• [TASK OBJECTIVE] Which lines run from the line with "(** Suppose [x" through the line with "[K] and [Phi(M)]" in the entries below? Print them exactly, both ends included, and nothing more.

RECORDED DATA below:

Definition pSubgroup (G : proPGroup p) := subgroup (@pg_mul p G) (@pg_one p G) (@pg_inv p G).
Definition pOpenSubgroup (G : proPGroup p) :=
  open_subgroup (@pg_mul p G) (@pg_one p G) (@pg_inv p G).
Definition pMaximal (G : proPGroup p) := maximal_subgroup (@pg_mul p G) (@pg_one p G) (@pg_inv p G).
Definition pFrattini (G : proPGroup p) := frattini (@pg_mul p G) (@pg_one p G) (@pg_inv p G).
Definition pHierarchical (G : proPGroup p) :=
  hierarchical (@pg_mul p G) (@pg_one p G) p.

(* phi : U -> K (U a subgroup of G) is a Frattini-cover: a continuous
   epimorphism of pro-p groups whose kernel lies in Phi(U).
   phi is given as a function on G; only its values on U matter. *)
Definition frattini_cover (G K : proPGroup p) (U : set G) (phi : G -> K) :=
  [/\ {within U, continuous phi},
      forall x y, U x -> U y -> phi (pg_mul x y) = pg_mul (phi x) (phi y),
      forall k : K, exists2 x, U x & phi x = k &
      forall x, U x -> phi x = @pg_one p K -> pFrattini U x].

Definition strongly_frattini_resistant (G : proPGroup p) :=
  forall H : set G, pSubgroup H -> pHierarchical H (pFrattini H).

End ProP.

From HB Require Import structures.
From mathcomp Require Import all_boot all_order.
From mathcomp Require Import all_classical all_reals all_analysis.
From mathcomp Require Import all_fingroup all_solvable finmap.
Set Implicit Arguments. Unset Strict Implicit. Unset Printing Implicit Defensive.
Local Open Scope classical_set_scope.

(** Suppose [x ^+ p] lies in the Frattini subgroup of a closed subgroup [H]
    but [x] does not lie in [H]. Since a compact totally disconnected group is
    zero-dimensional, there is an open normal [N] with [x \notin H N]; in the
    finite [p]-group [G / N], a maximal subgroup of [<x, H N / N>] containing
    [H N / N] misses [x N]. Its preimage [M] is an open subgroup containing
    [H] and maximal in the preimage [U] of [<x, H N / N>]. Maximal subgroups
    of an open subgroup [V] are open and normal in [V] (they contain an open
    normal subgroup of [G], and maximal subgroups of finite [p]-groups are
    normal), so they meet each closed subgroup of [V] in itself or in a
    maximal subgroup of it; hence [Phi(H) <= Phi(M)]. Finally a Frattini cover
    [f : U -> K] has kernel inside [M], maps [M] onto a maximal subgroup of
    [K] and [Phi(M)] into [Phi(f M)], so the hierarchical triple [(K, f M,
    Phi(f M))] gives [f x \in f M], i.e. [x \in M], a contradiction. *)

Section quasicomponent.
Context {T : topologicalType}.
Lemma late_visit_cvg0 : P \o late_visit @ \oo --> 0.
Proof.
have late_visit_cap : \bigcap_N late_visit N = set0.
  apply/seteqP; split => r //= H; have [_ [n Brn]] := H 0%N I.
  by have [+ _] := H n I; rewrite cyls_nseq => /(_ n (ltnSn n)).
rewrite -(measure0 P) -late_visit_cap; apply: nonincreasing_cvg_mu.
- by apply: le_lt_trans (probability_le1 P (measurable_late_visit 0)) (ltey _).
- exact: measurable_late_visit.
- by apply: bigcap_measurableType => N _; exact: measurable_late_visit.
- move=> m n mn; apply/subsetPset => r [+ visit]; rewrite /late_visit !cyls_nseq.
  by move=> avoid; split => // i im; apply: avoid; exact: leq_trans im _.
Qed.

Variable Pd : S -> probability (run S) R.
Hypothesis hPd : forall s : S, is_run_measure kappa (\d_s) (Pd s).
Hypothesis mBt : measurable (Btilde Pd B).

Definition undecided : set (run S) := ~` (Fev B `|` Fev (Btilde Pd B)).

Lemma measurable_undecided : measurable undecided.
Proof. by apply/measurableC/measurableU; exact: measurable_Fev. Qed.

Lemma undecided_sub N :
  undecided `<=` cyls (nseq N (~` B) ++ [:: ~` B `&` ~` Btilde Pd B]).
Proof.
move=> r /= undec i; rewrite size_cat size_nseq addn1 ltnS => iN.
rewrite nth_cat size_nseq; case: ltnP => hi.
  by rewrite nth_nseq hi => Bri; apply: undec; left; exists i.
have -> : i = N by apply/eqP; rewrite eqn_leq iN hi.
by rewrite subnn /=; split => Hr; apply: undec; [left|right]; exists N.
Qed.

Lemma undecided_le_cylf N : P undecided <=
  \int[mu]_x cylf kappa (nseq N (~` B)) (fun y => (\1_(~` B `&` ~` Btilde Pd B) y)%:E) x.
Proof.
have mTD : all_meas (nseq N (~` B) ++ [:: ~` B `&` ~` Btilde Pd B]).
  apply: all_meas_cat => // A; rewrite inE => /eqP ->.
  by apply: measurableI => //; exact: measurableC.
rewrite -(cyl_single kappa) -cylf_cat -hP //.
apply: le_measure; rewrite ?inE; [exact: measurable_undecided| |exact: undecided_sub].
exact: measurable_cyls.
Qed.
(* Let $Z\in\mathcal{H}_3$ be the period matrix of a simple genus $3$ hyperelliptic Jacobian such that $\vartheta[\delta](Z)=0$ for exactly one even characteristic class $\delta\in\frac12\mathbb{Z}^6/\mathbb{Z}^6$, and $\delta\neq 0$. Then there is $\gamma\in\Gamma_{1,2}$ such that $Z$ satisfies the Vanishing Criterion for the map $\eta=\gamma\tilde\eta$, i.e. for every $S\subseteq B$ with $\#S$ even, $\vartheta[\eta_S](Z)=0$ if and only if $\#(S\circ U_\eta)\neq 4$. Furthermore, this $\gamma$ can be taken to be any $\gamma\in\Gamma_{1,2}$ such that $\gamma\,(\tfrac12,\tfrac12,\tfrac12,\tfrac12,0,\tfrac12)^T\equiv\delta \pmod{\mathbb{Z}^6}$.
   Context: $\mathcal{H}_g$ is the set of complex symmetric $g\times g$ matrices with positive definite imaginary part. For $x\in\mathbb{C}^{6}$ write $x=(x_1,x_2)$ with $x_1$ the first $3$ and $x_2$ the last $3$ entries. Let $B=\{1,2,\dots,7,\infty\}$, $S_1\circ S_2=(S_1\cup S_2)\setminus(S_1\cap S_2)$, $S^c=B\setminus S$. For $\xi,\zeta\in\frac12\mathbb{Z}^{6}$: $e_*(\xi)=\exp(4\pi i\,\xi_1^T\xi_2)$ and $e_2(\xi,\zeta)=\exp(4\pi i\,\xi^TJ\zeta)$ with $J=\begin{pmatrix}0&\mathbb{1}_3\\-\mathbb{1}_3&0\end{pmatrix}$. $\Xi_3$ is the set of maps $\eta$ from subsets of $B$ to $\frac12\mathbb{Z}^6$ such that: (i) $\eta(\{\infty\})=0$; (ii) $\eta(S)=\sum_{i\in S}\eta(\{i\})$; (iii) $\eta(S)\equiv\eta(S^c)$ mod $\mathbb{Z}^6$ and the induced map from the group of even-cardinality subsets of $B$ modulo $S\sim S^c$ (under $\circ$) to $\frac12\mathbb{Z}^6/\mathbb{Z}^6$ is a group isomorphism; (iv) for $\#S_1,\#S_2$ even, $e_2(\eta(S_1),\eta(S_2))=(-1)^{\#(S_1\cap S_2)}$; (v) there is $U_\eta\subseteq B$ with $\#U_\eta\equiv 4\pmod 4$ such that for all $S$ of even cardinality $e_*(\eta(S))=(-1)^{(4-\#(S\circ U_\eta))/2}$ (one has $U_\eta=\{i\neq\infty: e_*(\eta(\{i\}))=-1\}\cup\{\infty\}$). Write $\eta_S=\eta(S)$, $\eta_i=\eta(\{i\})$. Theta constants: for $\xi\in\frac12\mathbb{Z}^6$, $\vartheta[\xi](Z)=\exp(\pi i\xi_1^TZ\xi_1+2\pi i\xi_1^T\xi_2)\sum_{n\in\mathbb{Z}^3}\exp(\pi i n^TZn+2\pi i n^T(\xi_2+Z\xi_1))$; $\xi$ is even if $e_*(\xi)=1$; vanishing of $\vartheta[\xi](Z)$ depends only on $\xi$ mod $\mathbb{Z}^6$. $\mathrm{Sp}_6(\mathbb{Z})$ is the group of integer $6\times6$ matrices preserving the form $x_1^Ty_2-x_2^Ty_1$; it acts on maps $\eta$ by $(\gamma\eta)(S)=\gamma\,\eta(S)$ (matrix times column vector), considered modulo $\mathbb{Z}^6$. With $Q(x)=x_1^Tx_2$, $\Gamma_{1,2}=\{\gamma\in\mathrm{Sp}_6(\mathbb{Z}): Q(\gamma x)\equiv Q(x)\pmod 2\}$. Mumford's map $\tilde\eta\in\Xi_3$ is determined (mod $\mathbb{Z}^6$) by $\tilde\eta_1=(\tfrac12,0,0,0,0,0)$, $\tilde\eta_2=(\tfrac12,0,0,\tfrac12,0,0)$, $\tilde\eta_3=(0,\tfrac12,0,\tfrac12,0,0)$, $\tilde\eta_4=(0,\tfrac12,0,\tfrac12,\tfrac12,0)$, $\tilde\eta_5=(0,0,\tfrac12,\tfrac12,\tfrac12,0)$, $\tilde\eta_6=(0,0,\tfrac12,\tfrac12,\tfrac12,\tfrac12)$, $\tilde\eta_7=(0,0,0,\tfrac12,\tfrac12,\tfrac12)$; it has $U_{\tilde\eta}=\{2,4,6,\infty\}$ and $\tilde\eta_{U_{\tilde\eta}}\equiv(\tfrac12,\tfrac12,\tfrac12,\tfrac12,0,\tfrac12)$. *)

From Stdlib Require Import Reals ZArith Arith Lia ClassicalDescription.
From Coquelicot Require Import Coquelicot.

End of RECORDED DATA.

• [OUTPUT BELOW]
(** Suppose [x ^+ p] lies in the Frattini subgroup of a closed subgroup [H]
    but [x] does not lie in [H]. Since a compact totally disconnected group is
    zero-dimensional, there is an open normal [N] with [x \notin H N]; in the
    finite [p]-group [G / N], a maximal subgroup of [<x, H N / N>] containing
    [H N / N] misses [x N]. Its preimage [M] is an open subgroup containing
    [H] and maximal in the preimage [U] of [<x, H N / N>]. Maximal subgroups
    of an open subgroup [V] are open and normal in [V] (they contain an open
    normal subgroup of [G], and maximal subgroups of finite [p]-groups are
    normal), so they meet each closed subgroup of [V] in itself or in a
    maximal subgroup of it; hence [Phi(H) <= Phi(M)]. Finally a Frattini cover
    [f : U -> K] has kernel inside [M], maps [M] onto a maximal subgroup of
    [K] and [Phi(M)] into [Phi(f M)], so the hierarchical triple [(K, f M,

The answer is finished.